WORK REQUEST
When every entry has been read, print each one back exactly.

AVAILABLE RECORDS
(* Let $L$ be a finite LC-loop and $x\in L$. Then the order of $x$ divides $|L|$.
   Context: An LC-loop is a loop satisfying $(xx)(yz)=(x(xy))z$ for all $x,y,z$; LC-loops are power associative, and the order of $x$ is the size of the subloop (cyclic group) generated by $x$, i.e. the least $n>0$ with $x^n=e$. *)

From mathcomp Require Import all_boot.
Set Implicit Arguments. Unset Strict Implicit. Unset Printing Implicit Defensive.

Definition is_loop (T : finType) (mul : T -> T -> T) (e : T) : Prop :=
  [/\ left_id e mul, right_id e mul,
      forall a, bijective (mul a) &
      forall a, bijective (fun y => mul y a)].

Definition LC_identity (T : Type) (mul : T -> T -> T) : Prop :=
  forall x y z, mul (mul x x) (mul y z) = mul (mul x (mul x y)) z.

Definition is_subloop (T : finType) (mul : T -> T -> T) (e : T) (S : {set T}) : bool :=
  [&& e \in S,
      [forall a, forall b, ((a \in S) && (b \in S)) ==> (mul a b \in S)],
      [forall a, forall b, forall y, [&& a \in S, b \in S & mul a y == b] ==> (y \in S)] &
      [forall a, forall b, forall y, [&& a \in S, b \in S & mul y a == b] ==> (y \in S)]].

Definition gen_subloop (T : finType) (mul : T -> T -> T) (e : T) (x : T) : {set T} :=
  [set y | [forall S : {set T}, (is_subloop mul e S && (x \in S)) ==> (y \in S)]].

Definition loop_order (T : finType) (mul : T -> T -> T) (e : T) (x : T) : nat :=
  #|gen_subloop mul e x|.

From mathcomp Require Import all_boot.

Set Implicit Arguments.
Unset Strict Implicit.
Unset Printing Implicit Defensive.

(* In an LC-loop, left multiplication by x^n agrees with the n-th power of the
   left translation L_x, so every L_x-orbit is a right translate of the orbit
   of e, namely the cyclic subloop generated by x.  Hence all L_x-orbits have
   the same size, and they partition L. *)

Lemma injective_imset_stable (T : finType) (g : T -> T) (S : {set T}) :
  injective g -> {in S, forall a, g a \in S} -> g @: S = S.
Proof.
move=> g_inj gS; apply/eqP; rewrite eqEcard card_imset // leqnn andbT.
by apply/subsetP => _ /imsetP[a aS ->]; apply: gS.
Qed.

Lemma order_const_dvdn_card (T : finType) (f : T -> T) (n : nat) :
  injective f -> (forall y, order f y = n) -> n %| #|T|.
Proof.
move=> f_inj ordf; rewrite -(@fcard_order_set _ _ f_inj n predT) ?dvdn_mull //.
by apply/subsetP => y _; rewrite inE ordf.
Qed.

Section FiniteLoop.
Variables (T : finType) (mul : T -> T -> T) (e : T).
Hypothesis hloop : is_loop mul e.

Let mulr_inj a : injective (mul^~ a).
Proof. by case: hloop => _ _ _ /(_ a)/bij_inj. Qed.

Let mull_inj a : injective (mul a).
Proof. by case: hloop => _ _ /(_ a)/bij_inj. Qed.

(* Finiteness makes the divisibility conditions automatic: a translation of S
   that maps S into itself is onto S. *)
Lemma mul_closed_subloop (S : {set T}) :
  e \in S -> {in S &, forall a b, mul a b \in S} -> is_subloop mul e S.
Proof.
move=> eS mulS; apply/and4P; split=> //.
- by apply/forallP => a; apply/forallP => b; apply/implyP => /andP[aS bS]; apply: mulS.
- apply/forallP => a; apply/forallP => b; apply/forallP => y.
  apply/implyP => /and3P[aS bS /eqP yab].
  have: b \in mul a @: S by rewrite injective_imset_stable // => z zS; apply: mulS.
  by case/imsetP => z zS; rewrite -yab => /mull_inj ->.
- apply/forallP => a; apply/forallP => b; apply/forallP => y.
  apply/implyP => /and3P[aS bS /eqP yab].
  have: b \in mul^~ a @: S by rewrite injective_imset_stable // => z zS; apply: mulS.
  by case/imsetP => z zS; rewrite -yab => /mulr_inj ->.
Qed.

Lemma gen_subloop_eq (x : T) (S : {set T}) :
  is_subloop mul e S -> x \in S ->
  (forall S', is_subloop mul e S' -> x \in S' -> S \subset S') ->
  gen_subloop mul e x = S.
Proof.
move=> subS xS minS; apply/setP => y; rewrite inE.
apply/forallP/idP => [/(_ S)/implyP-> // | yS S']; first by rewrite subS.
by apply/implyP => /andP[subS' xS']; apply: (subsetP (minS S' subS' xS')).
Qed.

Section LCLoop.
Hypothesis hLC : LC_identity mul.

(* Both sides equal (xx)(wz) by the LC identity, the left one with z := e. *)
Lemma mulxxA x w z : mul x (mul x (mul w z)) = mul (mul x (mul x w)) z.
Proof.
case: hloop => _ mul1r _ _.
by have := hLC x (mul w z) e; rewrite !mul1r => <-; rewrite -hLC.
Qed.

Lemma iter_double_mulA x j y z :
  iter j.*2 (mul x) (mul y z) = mul (iter j.*2 (mul x) y) z.
Proof. by elim: j => [|j IHj] //; rewrite doubleS /= IHj mulxxA. Qed.

Lemma mul_powl x n z : mul (iter n (mul x) e) z = iter n (mul x) z.
Proof.
case: hloop => mul1l mul1r _ _.
rewrite -[n]odd_double_half; case: (odd n) => /=; rewrite add0n; last first.
  by rewrite -iter_double_mulA mul1l.
by rewrite -[in LHS]iterS iterSr mul1r -iter_double_mulA -iterSr.
Qed.

Variable x : T.
Local Notation Lx := (mul x).

Lemma fconnect_mulx_rtranslate y :
  [set z | fconnect Lx y z] = mul^~ y @: [set z | fconnect Lx e z].
Proof.
apply/setP => z; rewrite inE; apply/idP/imsetP => [yz | [w]].
  exists (iter (findex Lx y z) Lx e); first by rewrite inE fconnect_iter.
  by rewrite mul_powl iter_findex.
by rewrite inE => /iter_findex <- ->; rewrite mul_powl fconnect_iter.
Qed.

Lemma order_mulx y : order Lx y = order Lx e.
Proof.
rewrite /order -(cardsE (fconnect Lx y)) -(cardsE (fconnect Lx e)).
by rewrite fconnect_mulx_rtranslate card_imset.
Qed.

Lemma loop_order_mulx : loop_order mul e x = order Lx e.
Proof.
pose S := [set y | fconnect Lx e y].
have powS y : y \in S -> y = iter (findex Lx e y) Lx e by rewrite inE => /iter_findex.
have subS : is_subloop mul e S.
  apply: mul_closed_subloop => [|a b /powS-> /powS->]; first by rewrite inE connect0.
  by rewrite mul_powl -iterD inE fconnect_iter.
have xS : x \in S.
  by case: hloop => _ mul1r _ _; rewrite inE -{2}(mul1r x) fconnect1.
rewrite /loop_order (gen_subloop_eq subS xS) ?cardsE // => S' subS' xS'.
apply/subsetP => y /powS->; elim: (findex _ _ _) => [|i IHi] /=.
  by case/and4P: subS'.
by case/and4P: subS' => _ /forallP/(_ x)/forallP/(_ (iter i Lx e)); rewrite xS' IHi.
Qed.

End LCLoop.
End FiniteLoop.

Theorem corollary4p7 (T : finType) (mul : T -> T -> T) (e : T)
  (hloop : is_loop mul e) (hLC : LC_identity mul) (x : T) :
  loop_order mul e x %| #|T|.
Proof.
rewrite (loop_order_mulx hloop hLC).
have [_ _ /(_ x)/bij_inj mulx_inj _] := hloop.
exact/(order_const_dvdn_card mulx_inj)/(order_mulx hloop hLC).
Qed.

SOLVED EXERCISE
(* Let $L$ be a finite LC-loop and $x\in L$. Then the order of $x$ divides $|L|$.
   Context: An LC-loop is a loop satisfying $(xx)(yz)=(x(xy))z$ for all $x,y,z$; LC-loops are power associative, and the order of $x$ is the size of the subloop (cyclic group) generated by $x$, i.e. the least $n>0$ with $x^n=e$. *)

From mathcomp Require Import all_boot.
Set Implicit Arguments. Unset Strict Implicit. Unset Printing Implicit Defensive.

Definition is_loop (T : finType) (mul : T -> T -> T) (e : T) : Prop :=
  [/\ left_id e mul, right_id e mul,
      forall a, bijective (mul a) &
      forall a, bijective (fun y => mul y a)].

Definition LC_identity (T : Type) (mul : T -> T -> T) : Prop :=
  forall x y z, mul (mul x x) (mul y z) = mul (mul x (mul x y)) z.

Definition is_subloop (T : finType) (mul : T -> T -> T) (e : T) (S : {set T}) : bool :=
  [&& e \in S,
      [forall a, forall b, ((a \in S) && (b \in S)) ==> (mul a b \in S)],
      [forall a, forall b, forall y, [&& a \in S, b \in S & mul a y == b] ==> (y \in S)] &
      [forall a, forall b, forall y, [&& a \in S, b \in S & mul y a == b] ==> (y \in S)]].

Definition gen_subloop (T : finType) (mul : T -> T -> T) (e : T) (x : T) : {set T} :=
  [set y | [forall S : {set T}, (is_subloop mul e S && (x \in S)) ==> (y \in S)]].

Definition loop_order (T : finType) (mul : T -> T -> T) (e : T) (x : T) : nat :=
  #|gen_subloop mul e x|.

From mathcomp Require Import all_boot.

Set Implicit Arguments.
Unset Strict Implicit.
Unset Printing Implicit Defensive.

(* In an LC-loop, left multiplication by x^n agrees with the n-th power of the
   left translation L_x, so every L_x-orbit is a right translate of the orbit
   of e, namely the cyclic subloop generated by x.  Hence all L_x-orbits have
   the same size, and they partition L. *)

Lemma injective_imset_stable (T : finType) (g : T -> T) (S : {set T}) :
  injective g -> {in S, forall a, g a \in S} -> g @: S = S.
Proof.
move=> g_inj gS; apply/eqP; rewrite eqEcard card_imset // leqnn andbT.
by apply/subsetP => _ /imsetP[a aS ->]; apply: gS.
Qed.

Lemma order_const_dvdn_card (T : finType) (f : T -> T) (n : nat) :
  injective f -> (forall y, order f y = n) -> n %| #|T|.
Proof.
move=> f_inj ordf; rewrite -(@fcard_order_set _ _ f_inj n predT) ?dvdn_mull //.
by apply/subsetP => y _; rewrite inE ordf.
Qed.

Section FiniteLoop.
Variables (T : finType) (mul : T -> T -> T) (e : T).
Hypothesis hloop : is_loop mul e.

Let mulr_inj a : injective (mul^~ a).
Proof. by case: hloop => _ _ _ /(_ a)/bij_inj. Qed.

Let mull_inj a : injective (mul a).
Proof. by case: hloop => _ _ /(_ a)/bij_inj. Qed.

(* Finiteness makes the divisibility conditions automatic: a translation of S
   that maps S into itself is onto S. *)
Lemma mul_closed_subloop (S : {set T}) :
  e \in S -> {in S &, forall a b, mul a b \in S} -> is_subloop mul e S.
Proof.
move=> eS mulS; apply/and4P; split=> //.
- by apply/forallP => a; apply/forallP => b; apply/implyP => /andP[aS bS]; apply: mulS.
- apply/forallP => a; apply/forallP => b; apply/forallP => y.
  apply/implyP => /and3P[aS bS /eqP yab].
  have: b \in mul a @: S by rewrite injective_imset_stable // => z zS; apply: mulS.
  by case/imsetP => z zS; rewrite -yab => /mull_inj ->.
- apply/forallP => a; apply/forallP => b; apply/forallP => y.
  apply/implyP => /and3P[aS bS /eqP yab].
  have: b \in mul^~ a @: S by rewrite injective_imset_stable // => z zS; apply: mulS.
  by case/imsetP => z zS; rewrite -yab => /mulr_inj ->.
Qed.

Lemma gen_subloop_eq (x : T) (S : {set T}) :
  is_subloop mul e S -> x \in S ->
  (forall S', is_subloop mul e S' -> x \in S' -> S \subset S') ->
  gen_subloop mul e x = S.
Proof.
move=> subS xS minS; apply/setP => y; rewrite inE.
apply/forallP/idP => [/(_ S)/implyP-> // | yS S']; first by rewrite subS.
by apply/implyP => /andP[subS' xS']; apply: (subsetP (minS S' subS' xS')).
Qed.

Section LCLoop.
Hypothesis hLC : LC_identity mul.

(* Both sides equal (xx)(wz) by the LC identity, the left one with z := e. *)
Lemma mulxxA x w z : mul x (mul x (mul w z)) = mul (mul x (mul x w)) z.
Proof.
case: hloop => _ mul1r _ _.
by have := hLC x (mul w z) e; rewrite !mul1r => <-; rewrite -hLC.
Qed.

Lemma iter_double_mulA x j y z :
  iter j.*2 (mul x) (mul y z) = mul (iter j.*2 (mul x) y) z.
Proof. by elim: j => [|j IHj] //; rewrite doubleS /= IHj mulxxA. Qed.

Lemma mul_powl x n z : mul (iter n (mul x) e) z = iter n (mul x) z.
Proof.
case: hloop => mul1l mul1r _ _.
rewrite -[n]odd_double_half; case: (odd n) => /=; rewrite add0n; last first.
  by rewrite -iter_double_mulA mul1l.
by rewrite -[in LHS]iterS iterSr mul1r -iter_double_mulA -iterSr.
Qed.

Variable x : T.
Local Notation Lx := (mul x).

Lemma fconnect_mulx_rtranslate y :
  [set z | fconnect Lx y z] = mul^~ y @: [set z | fconnect Lx e z].
Proof.
apply/setP => z; rewrite inE; apply/idP/imsetP => [yz | [w]].
  exists (iter (findex Lx y z) Lx e); first by rewrite inE fconnect_iter.
  by rewrite mul_powl iter_findex.
by rewrite inE => /iter_findex <- ->; rewrite mul_powl fconnect_iter.
Qed.

Lemma order_mulx y : order Lx y = order Lx e.
Proof.
rewrite /order -(cardsE (fconnect Lx y)) -(cardsE (fconnect Lx e)).
by rewrite fconnect_mulx_rtranslate card_imset.
Qed.

Lemma loop_order_mulx : loop_order mul e x = order Lx e.
Proof.
pose S := [set y | fconnect Lx e y].
have powS y : y \in S -> y = iter (findex Lx e y) Lx e by rewrite inE => /iter_findex.
have subS : is_subloop mul e S.
  apply: mul_closed_subloop => [|a b /powS-> /powS->]; first by rewrite inE connect0.
  by rewrite mul_powl -iterD inE fconnect_iter.
have xS : x \in S.
  by case: hloop => _ mul1r _ _; rewrite inE -{2}(mul1r x) fconnect1.
rewrite /loop_order (gen_subloop_eq subS xS) ?cardsE // => S' subS' xS'.
apply/subsetP => y /powS->; elim: (findex _ _ _) => [|i IHi] /=.
  by case/and4P: subS'.
by case/and4P: subS' => _ /forallP/(_ x)/forallP/(_ (iter i Lx e)); rewrite xS' IHi.
Qed.

End LCLoop.
End FiniteLoop.

Theorem corollary4p7 (T : finType) (mul : T -> T -> T) (e : T)
  (hloop : is_loop mul e) (hLC : LC_identity mul) (x : T) :
  loop_order mul e x %| #|T|.
Proof.
rewrite (loop_order_mulx hloop hLC).
have [_ _ /(_ x)/bij_inj mulx_inj _] := hloop.
exact/(order_const_dvdn_card mulx_inj)/(order_mulx hloop hLC).
Qed.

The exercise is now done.